* [AIM OF THE EXERCISE] When the line containing "apply: eq_bigr => r1" appears in the data below, begin copying there and stop only after the line containing "move=> le_r12; rewrite".

* [Stored data]
────────

(* Let $n$ be a positive integer with $n \equiv 1 \pmod{3}$, let $a = (n(n+1)-2)/3$, and let $\sigma$ be a permutation of $\mathbb{Z}_n = \{0,\dots,n-1\}$ such that $f_\sigma(\delta) \in \{a, a+2\}$ for every $\delta \in \{1,\dots,n-1\}$ (a near-perfect permutation). Then the Latin square $L$ defined by $L[i][j] = (i + \sigma^{-1}(j)) \bmod n$ for $i,j \in \{0,\dots,n-1\}$ satisfies $$I(L) = \frac{4n(n-1)}{9}.$$
   Context: For a permutation $\sigma$ of $\mathbb{Z}_n$, the shift correlation at shift $\delta$ is $f_\sigma(\delta) = \sum_{j=0}^{n-1} \lvert \sigma((j+\delta) \bmod n) - \sigma(j) \rvert$, where $\sigma$ takes values in $\{0,\dots,n-1\}$ and the absolute value is of ordinary integers. For an $n\times n$ Latin square $L$ (each symbol of $\{0,\dots,n-1\}$ occurring exactly once in each row and column; rows and columns indexed by $\{0,\dots,n-1\}$), $\mathrm{pos}(r,s)$ is the column containing symbol $s$ in row $r$, $d(r_1,r_2) = \sum_{s=0}^{n-1} \lvert \mathrm{pos}(r_1,s) - \mathrm{pos}(r_2,s)\rvert$, and the imbalance is $I(L) = \frac{1}{3} \sum_{0 \le r_1 < r_2 \le n-1} \lvert 3\, d(r_1,r_2) - n(n+1) \rvert$. *)

From mathcomp Require Import all_boot all_order all_fingroup all_algebra.
Set Implicit Arguments. Unset Strict Implicit. Unset Printing Implicit Defensive.
Import Order.TTheory GRing.Theory Num.Theory.

Definition addmod (n : nat) (j : 'I_n) (d : nat) : 'I_n :=
  Ordinal (ltn_pmod (j + d) (leq_ltn_trans (leq0n j) (ltn_ord j))).

Definition shift_corr (n : nat) (s : {perm 'I_n}) (delta : nat) : nat :=
  \sum_(j < n) absz (Posz (val (s (addmod j delta))) - Posz (val (s j))).

(* a Latin square as a function rows -> columns -> symbols *)
Definition is_latin (n : nat) (L : 'I_n -> 'I_n -> 'I_n) : Prop :=
  (forall r, injective (L r)) /\ (forall c, injective (fun r => L r c)).

Definition pos (n : nat) (L : 'I_n -> 'I_n -> 'I_n) (r s : 'I_n) : nat :=
  odflt 0 (omap (@nat_of_ord n) [pick c | L r c == s]).

Definition dist_rows (n : nat) (L : 'I_n -> 'I_n -> 'I_n) (r1 r2 : 'I_n) : nat :=
  (\sum_(s < n) absz (Posz (pos L r1 s) - Posz (pos L r2 s)))%N.

Definition imbalance (n : nat) (L : 'I_n -> 'I_n -> 'I_n) : rat :=
  ((3%:R)^-1 * \sum_(r1 < n) \sum_(r2 < n | (r1 < r2)%N)
     `|(((3 * dist_rows L r1 r2)%N)%:R - ((n * (n + 1))%N)%:R : rat)|%R)%R.

Definition latin_of_perm (n : nat) (s : {perm 'I_n}) : 'I_n -> 'I_n -> 'I_n :=
  fun i j => addmod i (val ((s^-1)%g j)).

From mathcomp Require Import all_boot all_order all_fingroup all_algebra.
From mathcomp Require Import zify ring.
Import Order.TTheory GRing.Theory Num.Theory.
Set Implicit Arguments. Unset Strict Implicit. Unset Printing Implicit Defensive.

(* For L[i][j] = i + sigma^-1(j), the distance between rows r1 < r2 equals
   f_sigma(r2 - r1), so near-perfectness makes every term 3 d - n(n+1) of the
   imbalance equal to -2 or 4.  On these two values |x| = (x + 8) / 3, so the
   imbalance is an affine function of the total row distance, and the latter
   is the same for every Latin square: the columns holding a fixed symbol run
   through 0, ..., n-1, contributing sum_(i,j) |i - j| = (n-1) n (n+1) / 3. *)

Section Addmod.
Variable n : nat.
Implicit Types (i j : 'I_n) (d e : nat).

Lemma addmodA j d e : addmod (addmod j d) e = addmod j (d + e).
Proof. by apply: val_inj; rewrite /= modnDml addnA. Qed.

Lemma addmodDn j d : addmod j (d + n) = addmod j d.
Proof. by apply: val_inj; rewrite /= addnA modnDr. Qed.

Lemma addmod0 j : addmod j 0 = j.
Proof. by apply: val_inj; rewrite /= addn0 modn_small. Qed.

Lemma addmodn j : addmod j n = j.
Proof. by have := addmodDn j 0; rewrite add0n addmod0. Qed.

Lemma addmodC i j : addmod i j = addmod j i.
Proof. by apply: val_inj; rewrite /= addnC. Qed.

Lemma addmod_inj d : injective (fun j : 'I_n => addmod j d).
Proof.
move=> i j /(congr1 val) /= /eqP; rewrite eqn_modDr !modn_small //.
by move=> /eqP; apply: val_inj.
Qed.

End Addmod.

Lemma sum_distn_ord n : 3 * \sum_(i < n) \sum_(j < n) `|i - j| = n.-1 * n * n.+1.
Proof.
have last_col m : 2 * \sum_(i < m) `|i - m| = m * m.+1.
  elim: m => [|m IHm]; first by rewrite big_ord0.
  rewrite big_ord_recr /= distnS.
  have -> : \sum_(i < m) `|widen_ord (leqnSn m) i - m.+1|
            = \sum_(i < m) (`|i - m| + 1).
    by apply: eq_bigr => i _ /=; have := ltn_ord i; lia.
  rewrite big_split /= sum1_card card_ord.
  by move: IHm; set S := \sum_(i < m) _; lia.
elim: n => [|n IHn]; first by rewrite big_ord0.
rewrite big_ord_recr /=; under eq_bigr => i _ do rewrite big_ord_recr /=.
rewrite big_split /= big_ord_recr /= distnn addn0.
have -> : \sum_(i < n) `|n - i| = \sum_(i < n) `|i - n|.
  by apply: eq_bigr => i _; rewrite distnC.
have := last_col n; move: IHn; set A := \sum_(i < n) _; set B := \sum_(i < n) _.
by case: n A B => [|n] A B; nia.
Qed.

Lemma sum_pairs_sym (V : nmodType) n (G : 'I_n -> 'I_n -> V) :
  (forall i j, G i j = G j i) ->
  (\sum_(i < n) \sum_(j < n) G i j
   = (\sum_(i < n) \sum_(j < n | (i < j)%N) G i j) *+ 2 + \sum_(i < n) G i i)%R.
Proof.
move=> GC.
have splitE i : (\sum_(j < n) G i j = \sum_(j < n | (i < j)%N) G i j
                  + \sum_(j < n | (j < i)%N) G i j + G i i)%R.
  rewrite (bigID (fun j : 'I_n => i < j)) /= -addrA; congr (_ + _)%R.
  rewrite (bigD1 i) ?ltnn //= addrC; congr (_ + _)%R.
  by apply: eq_bigl => j; rewrite -leqNgt ltn_neqAle andbC.
have swapE : (\sum_(i < n) \sum_(j < n | (j < i)%N) G i j
              = \sum_(i < n) \sum_(j < n | (i < j)%N) G i j)%R.
  under eq_bigr do rewrite big_mkcond; rewrite exchange_big.
  by apply: eq_bigr => i _; rewrite [RHS]big_mkcond; apply: eq_bigr => j _; rewrite GC.
under eq_bigr do rewrite splitE.
by rewrite !big_split /= swapE mulr2n.
Qed.

Section RowDistances.
Variables (n : nat) (L : 'I_n -> 'I_n -> 'I_n).

Lemma pos_latin r c : injective (L r) -> pos L r (L r c) = c.
Proof.
move=> injLr; rewrite /pos; case: pickP => [c' /eqP/injLr -> // | /(_ c)].
by rewrite eqxx.
Qed.

Lemma dist_rowsC r1 r2 : dist_rows L r1 r2 = dist_rows L r2 r1.
Proof. by apply: eq_bigr => x _; rewrite distnC. Qed.

Lemma dist_rowsxx r : dist_rows L r r = 0.
Proof. by rewrite /dist_rows big1 // => x _; rewrite distnn. Qed.

Lemma sum_dist_rows_latin : is_latin L ->
  3 * \sum_r1 \sum_r2 dist_rows L r1 r2 = n * (n.-1 * n * n.+1).
Proof.
case=> row_inj col_inj; rewrite /dist_rows.
under eq_bigr do rewrite exchange_big; rewrite exchange_big big_distrr /=.
rewrite -[n in n * _]card_ord -sum_nat_const; apply: eq_bigr => x _.
pose col r := invF (row_inj r) x.
have posE r : pos L r x = col r.
  by rewrite -[x in pos _ _ x](f_invF (row_inj r)) pos_latin.
have inj_col : injective col.
  by move=> r r' eq_col; apply: (col_inj (col r)); rewrite /= {2}eq_col !f_invF.
rewrite -sum_distn_ord; congr (3 * _); rewrite [RHS](reindex_inj inj_col).
apply: eq_bigr => r1 _; rewrite [RHS](reindex_inj inj_col).
by apply: eq_bigr => r2 _; rewrite !posE.
Qed.

End RowDistances.

Section LatinOfPerm.
Variables (n : nat) (s : {perm 'I_n}).

Lemma latin_of_permE r x : latin_of_perm s r (s (addmod x (n - r))) = x.
Proof.
by rewrite /latin_of_perm permK addmodC addmodA subnK ?addmodn // ltnW.
Qed.

Lemma latin_of_perm_is_latin : is_latin (latin_of_perm s).
Proof.
split=> [r c c' | c r r'] /=; rewrite /latin_of_perm; last exact: addmod_inj.
by rewrite ![addmod r _]addmodC => /addmod_inj/perm_inj.
Qed.

Lemma pos_latin_of_perm r x : pos (latin_of_perm s) r x = s (addmod x (n - r)).
Proof.
rewrite -{1}(latin_of_permE r x) pos_latin //.
by case: latin_of_perm_is_latin.
Qed.

Lemma dist_rows_latin_of_perm (r1 r2 : 'I_n) : r1 <= r2 ->
  dist_rows (latin_of_perm s) r1 r2 = shift_corr s (r2 - r1).
Proof.
move=> le_r12; rewrite /dist_rows (reindex_inj (@addmod_inj n r2)).
apply: eq_bigr => j _; rewrite !pos_latin_of_perm !addmodA.
rewrite subnKC ?addmodn; last exact: ltnW.
have -> : r2 + (n - r1) = r2 - r1 + n by have := ltn_ord r1; lia.
by rewrite addmodDn.
Qed.

End LatinOfPerm.

Lemma imbalance_near_perfect n (L : 'I_n -> 'I_n -> 'I_n) : is_latin L ->
  (forall r1 r2 : 'I_n, r1 < r2 ->
     3 * dist_rows L r1 r2 + 2 = n * (n + 1) \/
     3 * dist_rows L r1 r2 = n * (n + 1) + 4) ->
  imbalance L = ((4 * n * (n - 1))%:R / 9%:R)%R.
Proof.
move=> latL near.
pose c : rat := (8%:R - (n * (n + 1))%N%:R)%R.
pose G r1 r2 : rat := ((3 * dist_rows L r1 r2)%N%:R + c)%R.
have normE (r1 r2 : 'I_n) : r1 < r2 ->
    (`|(3 * dist_rows L r1 r2)%N%:R - (n * (n + 1))%N%:R| = G r1 r2 / 3%:R :> rat)%R.
  rewrite /G /c => /near[] dE.
  - by rewrite -dE natrD opprD addrA subrr sub0r normrN normr_nat; field.
  - by rewrite dE natrD addrAC subrr add0r normr_nat; field.
have pairsE : ((\sum_(r1 < n) \sum_(r2 < n | (r1 < r2)%N) G r1 r2) *+ 2
    = (n * (n.-1 * n * n.+1))%N%:R + c *+ (n * n) - c *+ n)%R.
  apply: (addIr (\sum_(i < n) G i i)%R); rewrite -sum_pairs_sym; last first.
    by move=> i j; rewrite /G dist_rowsC.
  under [in RHS]eq_bigr do rewrite /G dist_rowsxx muln0 add0r.
  rewrite sumr_const card_ord subrK /G.
  under eq_bigr do rewrite big_split /= sumr_const card_ord.
  rewrite big_split /= sumr_const card_ord -mulrnA; congr (_ + _)%R.
  rewrite -(sum_dist_rows_latin latL) big_distrr natr_sum.
  by apply: eq_bigr => i _; rewrite big_distrr natr_sum.
rewrite /imbalance.
under eq_bigr => r1 _ do under eq_bigr => r2 lt_r12 do rewrite normE //.
under eq_bigr do rewrite -mulr_suml; rewrite -mulr_suml.
move: pairsE; set P := (\sum_(r1 < n) _)%R => pairsE.
have -> : P = (P *+ 2 / 2%:R)%R by rewrite -mulr_natr; field.
rewrite pairsE -[(c *+ (n * n))%R]mulr_natr -[(c *+ n)%R]mulr_natr /c.
case: (posnP n) => [-> | n_gt0].
  by rewrite !(mul0n, muln0, mulr0, mul0r, subrr).
by rewrite -subn1 -[n.+1]addn1 !natrM !natrD natrB //; field.
Qed.

Lemma dvdn_mul_succ_sub2 n : n %% 3 = 1 -> 3 %| n * (n + 1) - 2.
Proof.
move=> n_mod3; have := divn_eq n 3; rewrite n_mod3; move: (n %/ 3) => q ->.
by apply/dvdnP; exists (q * (3 * q + 3)); nia.
Qed.

Theorem proposition5 (n : nat) (Hn : 0 < n) (Hmod : n %% 3 = 1)
  (s : {perm 'I_n}) :
  (forall delta : nat, 1 <= delta <= n - 1 ->
     shift_corr s delta = (n * (n + 1) - 2) %/ 3 \/
     shift_corr s delta = (n * (n + 1) - 2) %/ 3 + 2) ->
  imbalance (latin_of_perm s) = ((4 * n * (n - 1))%:R / 9%:R)%R.
Proof.
move=> near_perfect.
apply: imbalance_near_perfect; first exact: latin_of_perm_is_latin.
have divE : 3 * ((n * (n + 1) - 2) %/ 3) + 2 = n * (n + 1).
  have two_le : 2 <= n * (n + 1) := leq_mul Hn (leq_add Hn (leqnn 1)).
  by rewrite mulnC divnK ?subnK; last exact: dvdn_mul_succ_sub2.
move: near_perfect divE; set a := _ %/ 3 => near_perfect divE.
move=> r1 r2 lt_r12; rewrite dist_rows_latin_of_perm; last exact: ltnW.
have [] := near_perfect (r2 - r1).
- by move: (ltn_ord r2); clear -lt_r12; lia.
- by move=> ->; left.
- by move=> ->; right; rewrite -divE mulnDr -addnA.
Qed.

────────

* [THE COMPLETED TASK]
apply: eq_bigr => r1 _; rewrite [RHS](reindex_inj inj_col).
by apply: eq_bigr => r2 _; rewrite !posE.
Qed.

End RowDistances.

Section LatinOfPerm.
Variables (n : nat) (s : {perm 'I_n}).

Lemma latin_of_permE r x : latin_of_perm s r (s (addmod x (n - r))) = x.
Proof.
by rewrite /latin_of_perm permK addmodC addmodA subnK ?addmodn // ltnW.
Qed.

Lemma latin_of_perm_is_latin : is_latin (latin_of_perm s).
Proof.
split=> [r c c' | c r r'] /=; rewrite /latin_of_perm; last exact: addmod_inj.
by rewrite ![addmod r _]addmodC => /addmod_inj/perm_inj.
Qed.

Lemma pos_latin_of_perm r x : pos (latin_of_perm s) r x = s (addmod x (n - r)).
Proof.
rewrite -{1}(latin_of_permE r x) pos_latin //.
by case: latin_of_perm_is_latin.
Qed.

Lemma dist_rows_latin_of_perm (r1 r2 : 'I_n) : r1 <= r2 ->
  dist_rows (latin_of_perm s) r1 r2 = shift_corr s (r2 - r1).
Proof.
move=> le_r12; rewrite /dist_rows (reindex_inj (@addmod_inj n r2)).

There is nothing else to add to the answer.